*REQUIREMENT*
Look for the word "many" in the entries below, then copy every line that has it.

(Stored data entries)
===============

(* In the setting described in the context, suppose $p_j(\theta)>0$ for all $j$ and all $\theta$. Then $H(\theta)=C_\Upsilon(\theta)$ holds if and only if the channel is quasi-classical, i.e. the eigenvectors $|w_k\rangle$ of the output state do not depend on $\theta$.
   Context: A one-parameter quantum channel is a map $\rho_0\mapsto\sum_k E_k(\theta)\rho_0E_k(\theta)^\dagger$ on density matrices on $\mathbb{C}^d$, with Kraus operators depending differentiably on real $\theta$ and $\sum_k E_k^\dagger E_k=I$. The input is a fixed pure state $\rho_0=|\psi_0\rangle\langle\psi_0|$. Canonical Kraus operators $\{\Upsilon_k(\theta)\}_{k=1}^d$: a differentiable Kraus representation of the same channel with $\mathrm{tr}\{\Upsilon_k\rho_0\Upsilon_j^\dagger\}=\delta_{jk}p_k(\theta)$. The output state is $\rho_{out}(\theta)=\sum_k p_k(\theta)|w_k(\theta)\rangle\langle w_k(\theta)|$ with $|w_k\rangle=p_k^{-1/2}\Upsilon_k|\psi_0\rangle$ an orthonormal basis depending differentiably on $\theta$. A prime denotes $d/d\theta$. $C_\Upsilon(\theta)=4\sum_k\mathrm{tr}\{\Upsilon_k'\rho_0\Upsilon_k'^\dagger\}$, and $H(\theta)=\mathrm{tr}\{\rho_{out}\lambda^2\}$ is the SLD quantum information, $\lambda$ a self-adjoint solution of $\rho_{out}'=\frac12(\rho_{out}\lambda+\lambda\rho_{out})$. *)

From HB Require Import structures.
From mathcomp Require Import all_boot all_order all_algebra.
From mathcomp Require Import complex.
From mathcomp Require Import all_classical all_reals all_analysis.
Set Implicit Arguments. Unset Strict Implicit. Unset Printing Implicit Defensive.
Import Order.TTheory GRing.Theory Num.Theory.
Local Open Scope ring_scope.

Section QDefs.
Variable R : realType.

Definition adj (m n : nat) (A : 'M[R[i]]_(m, n)) : 'M[R[i]]_(n, m) :=
  map_mx Num.conj A^T.

Definition RtoC (x : R) : R[i] := Complex x 0.

Definition mx_derivable (m n : nat) (F : R -> 'M[R[i]]_(m, n)) : Prop :=
  forall (t : R) (i : 'I_m) (j : 'I_n),
    derivable (fun s => complex.Re (F s i j)) t 1 /\
    derivable (fun s => complex.Im (F s i j)) t 1.

Definition mx_deriv (m n : nat) (F : R -> 'M[R[i]]_(m, n)) (t : R)
  : 'M[R[i]]_(m, n) :=
  \matrix_(i < m, j < n)
     Complex (derive1 (fun s => complex.Re (F s i j)) t)
             (derive1 (fun s => complex.Im (F s i j)) t).

Definition pure_dm (d : nat) (psi0 : 'cV[R[i]]_d) : 'M[R[i]]_d :=
  psi0 *m adj psi0.

Definition chan_out (d : nat) (psi0 : 'cV[R[i]]_d)
  (Y : 'I_d -> R -> 'M[R[i]]_d) (t : R) : 'M[R[i]]_d :=
  \sum_(k < d) (Y k t *m pure_dm psi0 *m adj (Y k t)).

Definition wvec (d : nat) (psi0 : 'cV[R[i]]_d)
  (Y : 'I_d -> R -> 'M[R[i]]_d) (p : 'I_d -> R -> R) (k : 'I_d) (t : R)
  : 'cV[R[i]]_d :=
  RtoC (Num.sqrt (p k t))^-1 *: (Y k t *m psi0).

Definition C_Ups (d : nat) (psi0 : 'cV[R[i]]_d)
  (Y : 'I_d -> R -> 'M[R[i]]_d) (t : R) : R[i] :=
  4%:R * \sum_(k < d)
    \tr (mx_deriv (Y k) t *m pure_dm psi0 *m adj (mx_deriv (Y k) t)).

Definition is_SLD (d : nat) (rho rho' lam : 'M[R[i]]_d) : Prop :=
  adj lam = lam /\ rho' = (2%:R)^-1 *: (rho *m lam + lam *m rho).

Definition SLD_info (d : nat) (rho lam : 'M[R[i]]_d) : R[i] :=
  \tr (rho *m (lam *m lam)).

Definition quasi_classical (d : nat) (psi0 : 'cV[R[i]]_d)
  (Y : 'I_d -> R -> 'M[R[i]]_d) (p : 'I_d -> R -> R) : Prop :=
  forall (k : 'I_d) (t1 t2 : R), wvec psi0 Y p k t1 = wvec psi0 Y p k t2.
Definition algebraically_closed {K : Type} (mulK : K -> K -> K) (oneK : K) (invK : K -> K)
  : Prop :=
  forall E I : list (word K), consistent mulK E I ->
    exists g : nat -> K, solves mulK oneK invK (fun k => k) E I g.

(** * The space of group tables.
    READING: the underlying set N = {1,2,...} is relabelled as nat via
    n |-> n - 1; thus the identity 1 becomes 0 and a table is nat -> nat -> nat. *)
Definition table := nat -> nat -> nat.

Definition in_G (A : table) : Prop := exists inv : nat -> nat, IsGroup nat A 0 inv.

Definition in_C (A : table) : Prop :=
  exists inv : nat -> nat, IsGroup nat A 0 inv /\ algebraically_closed A 0 inv.

(** Basic neighbourhoods of the product topology: agreement on [0,n)x[0,n). *)
Definition agree (n : nat) (A B : table) : Prop :=
  forall i j, i < n -> j < n -> A i j = B i j.

Definition openG (U : table -> Prop) : Prop :=
  (forall A, U A -> in_G A) /\
  (forall A, U A -> exists n, forall B, in_G B -> agree n A B -> U B).

Definition denseG (U : table -> Prop) : Prop :=
  forall A n, in_G A -> exists B, in_G B /\ agree n A B /\ U B.

Definition comeagerG (S : table -> Prop) : Prop :=
  exists D : nat -> table -> Prop,
    (forall k, openG (D k) /\ denseG (D k)) /\
    (forall A, in_G A -> (forall k, D k A) -> S A).

From Stdlib Require Import List Lia.
From HB Require Import structures.
From mathcomp Require Import all_boot zify.
From mathcomp Require Import boolp classical_sets cardinality.

(* For a finite system s with constants in N, the tables in which s has a
   solution form an open set U_s: a solution only consults finitely many entries
   of the table. So U_s together with the interior of its complement is a dense
   open set D_s, and there are countably many s. Let G lie in every D_s and let s
   be consistent with G, solved in some L into which G embeds. Every basic
   neighbourhood of G then meets U_s: the countable subgroup of L generated by G
   and the solution can be labelled by N so that the labelling extends that of G
   on any prescribed finite set, giving a nearby table in which s is solvable.
   Hence G is not in the interior of the complement of U_s, so G lies in U_s. *)

Local Open Scope classical_set_scope.

Section GroupFacts.
Context {T : Type} {mul : T -> T -> T} {one : T} {inv : T -> T}.
Hypothesis GT : IsGroup T mul one inv.

Lemma group_mulI a b c : mul a b = mul a c -> b = c.
Proof.
case: GT => [mulA [mul1g [_ [_ mulVg]]]] eq_ab_ac.
by rewrite -(mul1g b) -(mul1g c) -(mulVg a) -!mulA eq_ab_ac.
Qed.

Lemma group_inv_uniq a b : mul a b = one -> b = inv a.
Proof. by case: GT => [_ [_ [_ [mulgV _]]]] ab1; apply: (group_mulI a); rewrite ab1 mulgV. Qed.

Lemma group_invM a b : inv (mul a b) = mul (inv b) (inv a).
Proof.
case: GT => [mulA [mul1g [_ [mulgV _]]]].
by symmetry; apply: group_inv_uniq; rewrite -mulA (mulA b) mulgV mul1g mulgV.
Qed.

Lemma group_invK a : inv (inv a) = a.
Proof. by case: GT => [_ [_ [_ [_ mulVg]]]]; symmetry; apply: group_inv_uniq. Qed.

Lemma group_idem_eq1 a : mul a a = a -> a = one.
Proof. by case: GT => [_ [_ [mulg1 _]]] aa; apply: (group_mulI a); rewrite aa mulg1. Qed.

Lemma group_inv_eq {inv'} : IsGroup T mul one inv' -> inv' = inv.
Proof.
case=> [_ [_ [_ [mulgV' _]]]].
by apply: funext => a; apply: group_inv_uniq; rewrite mulgV'.
Qed.

End GroupFacts.

Lemma eval_word_cons {C L : Type} mulL (oneL : L) invL g (c : C -> L) l w :
  eval_word mulL oneL invL g c (l :: w) =
  mulL (match l with Var i true => g i | Var i false => invL (g i) | Cst k => c k end)
       (eval_word mulL oneL invL g c w).
Proof. by []. Qed.

Lemma eq_eval_word_cst {C L : Type} mulL (oneL : L) invL g (c c' : C -> L) w :
  (forall k, In (Cst k) w -> c k = c' k) ->
  eval_word mulL oneL invL g c w = eval_word mulL oneL invL g c' w.
Proof.
elim: w => [//|l w IH] eq_cc'; rewrite !eval_word_cons IH => [|k wk]; last first.
  by apply: eq_cc'; right.
by case: l eq_cc' => [i b|k] // eq_cc'; rewrite eq_cc' //; left.
Qed.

===============

*SOLUTION FOR THIS EXERCISE*
   solution form an open set U_s: a solution only consults finitely many entries
   open set D_s, and there are countably many s. Let G lie in every D_s and let s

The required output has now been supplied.